Right now, it doesn't look like any browser is anywhere near making the
preflight proposal happen. Blink has a partial implementation, but a real
implementation that actually knows about socket connections before a
response comes in is difficult given our architecture. I'm on it, but it's
slow going (mostly because I have no idea what I'm doing, and happy
eyeballs is weird).

I'll feel better about this assertion about the power of access controls
when y'all are actually working on an implementation. As-is, it feels like
making theoretically perfect the enemy of the practically good. :)

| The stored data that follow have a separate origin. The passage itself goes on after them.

(* Let $n\ge 1$, let $C=(c_{i,j})$ be an $n\times n$ Bott matrix over $\mathbb{Z}_2$, and let $Y_n=Y(C)$ be the associated real Bott tower. Let $W$ be the right-angled Coxeter group with generators $s_1,\dots,s_{2n}$ and relations $s_j^2=1$ for $1\le j\le 2n$ and $(s_is_j)^2=1$ for all $1\le i<j\le 2n$ with $j\neq i+n$. For $n+1\le j\le 2n$ put $$\alpha_j:=s_j\,s_{j-n}\,s_{j-n+1}^{c_{j-n,j-n+1}}\,s_{j-n+2}^{c_{j-n,j-n+2}}\cdots s_n^{c_{j-n,n}}\in W$$ (so $\alpha_{2n}=s_{2n}s_n$). Then $\pi_1(Y_n)$, viewed as the kernel of the homomorphism $W\to\mathbb{Z}_2^n$ sending $s_i\mapsto\lambda(F_i)$, is generated by $\{\alpha_j: n+1\le j\le 2n\}$, and a complete set of defining relations for $\pi_1(Y_n)$ on these generators is $\{x_{p,q}: n+1\le p<q\le 2n\}$, where $$x_{p,q}=\begin{cases}\alpha_p\alpha_q\alpha_p^{-1}\alpha_q^{-1} & \text{if } c_{p-n,q-n}=0,\\ \alpha_p\alpha_q^{-1}\alpha_p^{-1}\alpha_q^{-1} & \text{if } c_{p-n,q-n}=1.\end{cases}$$
   Context: A Bott matrix is an $n\times n$ matrix $C=(c_{i,j})$ with entries in $\mathbb{Z}_2=\mathbb{Z}/2\mathbb{Z}$ such that $c_{i,i}=1$ and $c_{i,j}=0$ for $i>j$. Let $I^n$ be the $n$-cube, with its $2n$ facets labelled $F_1,\dots,F_{2n}$ so that $F_j$ and $F_{n+j}$ are opposite (disjoint) facets for $1\le j\le n$. Let $e_1,\dots,e_n$ be the standard basis of $\mathbb{Z}_2^n$ and define $\lambda(F_j)=e_j$ and $\lambda(F_{n+j})=e_j+\sum_{k=j+1}^n c_{j,k}e_k$ for $1\le j\le n$. The real Bott tower $Y_n=Y(C)$ is the small cover $(\mathbb{Z}_2^n\times I^n)/\sim$, where $(t,p)\sim(t',p')$ iff $p=p'$ and $t-t'$ lies in the subgroup of $\mathbb{Z}_2^n$ spanned by $\lambda(F)$ for the facets $F$ containing $p$. Equivalently, $Y_n$ is the real toric variety of the complete smooth fan in $\mathbb{R}^n$ whose cones are spanned by subsets of $\{v_1,\dots,v_{2n}\}$ not containing both $v_i$ and $v_{n+i}$, where $v_j=e_j$ and $v_{n+j}=-e_j+\sum_{k>j}c_{j,k}e_k$. It is a closed smooth $n$-manifold obtained as an iterated $\mathbb{R}P^1$-bundle. *)

From mathcomp Require Import all_boot all_algebra.
Set Implicit Arguments. Unset Strict Implicit. Unset Printing Implicit Defensive.
Import GRing.Theory.
Local Open Scope ring_scope.

(** Words in the free group on generators of type I: a letter (x, true) is
    the generator x, (x, false) its inverse. *)
Definition word (I : Type) := seq (I * bool).
Definition linv (I : Type) (l : I * bool) : I * bool := (l.1, ~~ l.2).
Definition winv (I : Type) (w : word I) : word I := rev (map (@linv I) w).

Inductive pres_eq (I : Type) (R : word I -> Prop) : word I -> word I -> Prop :=
| pres_refl w : pres_eq R w w
| pres_sym u v : pres_eq R u v -> pres_eq R v u
| pres_trans u v w : pres_eq R u v -> pres_eq R v w -> pres_eq R u w
| pres_cancel u v x b :
    pres_eq R (u ++ (x, b) :: (x, ~~ b) :: v) (u ++ v)
| pres_rel u v r : R r -> pres_eq R (u ++ r ++ v) (u ++ v).

Definition subst_word (I J : Type) (f : I -> word J) (w : word I) : word J :=
  flatten (map (fun l => if l.2 then f l.1 else winv (f l.1)) w).

Definition is_bott_matrix (n : nat) (C : 'M['F_2]_n) : Prop :=
  (forall i, C i i = 1) /\ (forall i j : 'I_n, (j < i)%N -> C i j = 0).

(** Facets of I^n: index i : 'I_(n+n) (0-based); lshift n j is F_{j+1},
    rshift n j is F_{n+j+1}; they are opposite. *)
Definition evec (n : nat) (j : 'I_n) : 'rV['F_2]_n := \row_k (k == j)%:R.

Definition lam (n : nat) (C : 'M['F_2]_n) (i : 'I_(n + n)) : 'rV['F_2]_n :=
  match split i with
  | inl j => evec j
  | inr j => evec j + \sum_(k < n | (j < k)%N) C j k *: evec k
  end.

Definition phi (n : nat) (C : 'M['F_2]_n) (w : word 'I_(n + n)) : 'rV['F_2]_n :=
  \sum_(l <- w) (if l.2 then lam C l.1 else - lam C l.1).

Definition rac_rel (n : nat) (r : word 'I_(n + n)) : Prop :=
  (exists i : 'I_(n + n), r = [:: (i, true); (i, true)]) \/
  (exists i j : 'I_(n + n), (i < j)%N /\ (nat_of_ord j != i + n)%N /\
     r = [:: (i, true); (j, true); (i, true); (j, true)]).

(** alpha_{n+j+1} = s_{n+j+1} s_{j+1} s_{j+2}^{c_{j,j+1}} ... s_n^{c_{j,n}}
    (0-based j : 'I_n). *)
Definition alpha (n : nat) (C : 'M['F_2]_n) (j : 'I_n) : word 'I_(n + n) :=
  (rshift n j, true) :: (lshift n j, true) ::
  map (fun k => (lshift n k, true))
      (filter (fun k : 'I_n => (j < k)%N && (C j k == 1)) (enum 'I_n)).

(** The relators x_{p,q} on generators a_{n+1..2n} (0-based p q : 'I_n). *)
Definition xpq (n : nat) (C : 'M['F_2]_n) (p q : 'I_n) : word 'I_n :=
  if C p q == 0 then [:: (p, true); (q, true); (p, false); (q, false)]
  else [:: (p, true); (q, false); (p, false); (q, false)].

Definition bott_rel (n : nat) (C : 'M['F_2]_n) (r : word 'I_n) : Prop :=
  exists p q : 'I_n, (p < q)%N /\ r = xpq C p q.

(* The words [coset_rep c], products of the s_k (k <= n) with c_k = 1, form a
   Schreier transversal of the kernel of phi: the s_k (k <= n) commute pairwise,
   are involutions and are sent to the basis of Z_2^n.  Reidemeister-Schreier
   rewriting ([schreier]) with respect to it sends s_{n+j}, read in the coset
   c, to alpha_j or alpha_j^-1 according to c_j, and the other letters to the
   empty word.  Hence the alpha_j generate the kernel, and every Coxeter
   relator, read from any coset, rewrites to a trivial word or to a cyclic
   rotation of some x_{p,q}^{+-1}; conversely x_{p,q} is the rewrite of
   (s_{n+p} s_{n+q})^2 read from the trivial coset. *)

From mathcomp Require Import all_boot all_algebra.
Import GRing.Theory.
Set Implicit Arguments. Unset Strict Implicit. Unset Printing Implicit Defensive.
Local Open Scope ring_scope.

Lemma winv_cons I (l : I * bool) (u : word I) : winv (l :: u) = winv u ++ [:: linv l].
Proof. by rewrite /winv /= rev_cons cats1. Qed.

Lemma winvK I : involutive (@winv I).
Proof.
move=> u; rewrite /winv map_rev revK -map_comp.
by elim: u => [|[x b] u IH] //=; rewrite IH /linv negbK.
Qed.

Lemma subst_word_cons I J (f : I -> word J) l u :
  subst_word f (l :: u) = (if l.2 then f l.1 else winv (f l.1)) ++ subst_word f u.
Proof. by []. Qed.

Lemma subst_word1 I J (f : I -> word J) l :
  subst_word f [:: l] = if l.2 then f l.1 else winv (f l.1).
Proof. by rewrite /subst_word /= cats0. Qed.

Lemma subst_word_cat I J (f : I -> word J) u v :
  subst_word f (u ++ v) = subst_word f u ++ subst_word f v.
Proof. by rewrite /subst_word map_cat flatten_cat. Qed.

Section Presentation.

Variables (I : Type) (R : word I -> Prop).
Local Notation "u ~ v" := (pres_eq R u v) (at level 70).

Lemma pres_eq_catl w u v : u ~ v -> w ++ u ~ w ++ v.
Proof.
elim=> {u v} [u|u v _ IH|u v w' _ IH1 _ IH2|u v x b|u v r Hr].
- exact: pres_refl.
- exact: pres_sym IH.
- exact: pres_trans IH1 IH2.
- by rewrite !catA; apply: pres_cancel.
- by rewrite !catA -(catA _ r); apply: pres_rel.
Qed.

Lemma pres_eq_catr w u v : u ~ v -> u ++ w ~ v ++ w.
Proof.
elim=> {u v} [u|u v _ IH|u v w' _ IH1 _ IH2|u v x b|u v r Hr].
- exact: pres_refl.
- exact: pres_sym IH.
- exact: pres_trans IH1 IH2.
- by rewrite -!catA; apply: pres_cancel.
- by rewrite -!catA; apply: pres_rel.
Qed.

Lemma pres_eq_cat u u' v v' : u ~ u' -> v ~ v' -> u ++ v ~ u' ++ v'.
Proof. by move=> /(pres_eq_catr v) uu' /(pres_eq_catl u') vv'; apply: pres_trans vv'. Qed.

Lemma pres_eq_rel r : R r -> r ~ [::].
Proof. by move=> Rr; have := pres_rel [::] [::] Rr; rewrite /= cats0. Qed.

Lemma pres_eq_mulwinv w : w ++ winv w ~ [::].
Proof.
elim: w => [|[x b] w IH]; first exact: pres_refl.
have -> : ((x, b) :: w) ++ winv ((x, b) :: w)
          = [:: (x, b)] ++ (w ++ winv w) ++ [:: (x, ~~ b)].
  by rewrite winv_cons /= catA.
apply: pres_trans (pres_eq_catl _ (pres_eq_catr _ IH)) _.
exact: (pres_cancel R [::] [::] x b).
Qed.

Lemma pres_eq_winvmul w : winv w ++ w ~ [::].
Proof. by have := pres_eq_mulwinv (winv w); rewrite winvK. Qed.

Lemma pres_eq1_winv r : r ~ [::] -> winv r ~ [::].
Proof.
move=> r1; apply: pres_trans (pres_eq_winvmul r).
by rewrite -{1}(cats0 (winv r)); apply/pres_eq_catl/pres_sym.
Qed.

Lemma pres_eq1_rot k r : r ~ [::] -> rot k r ~ [::].
Proof.
rewrite -{1}(cat_take_drop k r) /rot => r1.
set x := take k r in r1 *; set y := drop k r in r1 *.
apply: (pres_trans _ (pres_eq_mulwinv y)); apply: pres_eq_catl.
apply: (@pres_trans _ _ _ ((x ++ y) ++ winv y)).
  by rewrite -catA -{1}(cats0 x); apply/pres_eq_catl/pres_sym/pres_eq_mulwinv.
by rewrite -[winv y]cat0s; apply: pres_eq_catr.
Qed.

End Presentation.

Lemma pres_eq_commute_letter (I : eqType) (R : word I -> Prop) x (s : word I) :
  (forall y, y \in s -> pres_eq R [:: y; x] [:: x; y]) ->
  pres_eq R (s ++ [:: x]) (x :: s).
Proof.
elim: s => [|y s IH] xs /=; first exact: pres_refl.
apply: pres_trans (_ : pres_eq R ([:: y] ++ x :: s) _).
  by apply/(pres_eq_catl [:: y])/IH => z zs; apply: xs; rewrite inE zs orbT.
exact: (pres_eq_catr s (xs y (mem_head _ _))).
Qed.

> I made some arguments against this conclusion in my last email. What do
> you think about them?
>
> *[Crispin] Your argument that I could find is that opt-in is meaningless
> in the presence of a network attacker. This is not true, for 2 reasons:*
>
> *1.       *The loopback service can do its own end-to-end authentication.
> AuthN and crypto are always possible over cleartext channels.
>
Assuming that any local server went through the trouble of designing a
reasonable signing scheme (I have doubts), a network attacker who can
inject JavaScript into the non-secure origin can use whatever machinery is
tied to that origin in order to read and construct messages.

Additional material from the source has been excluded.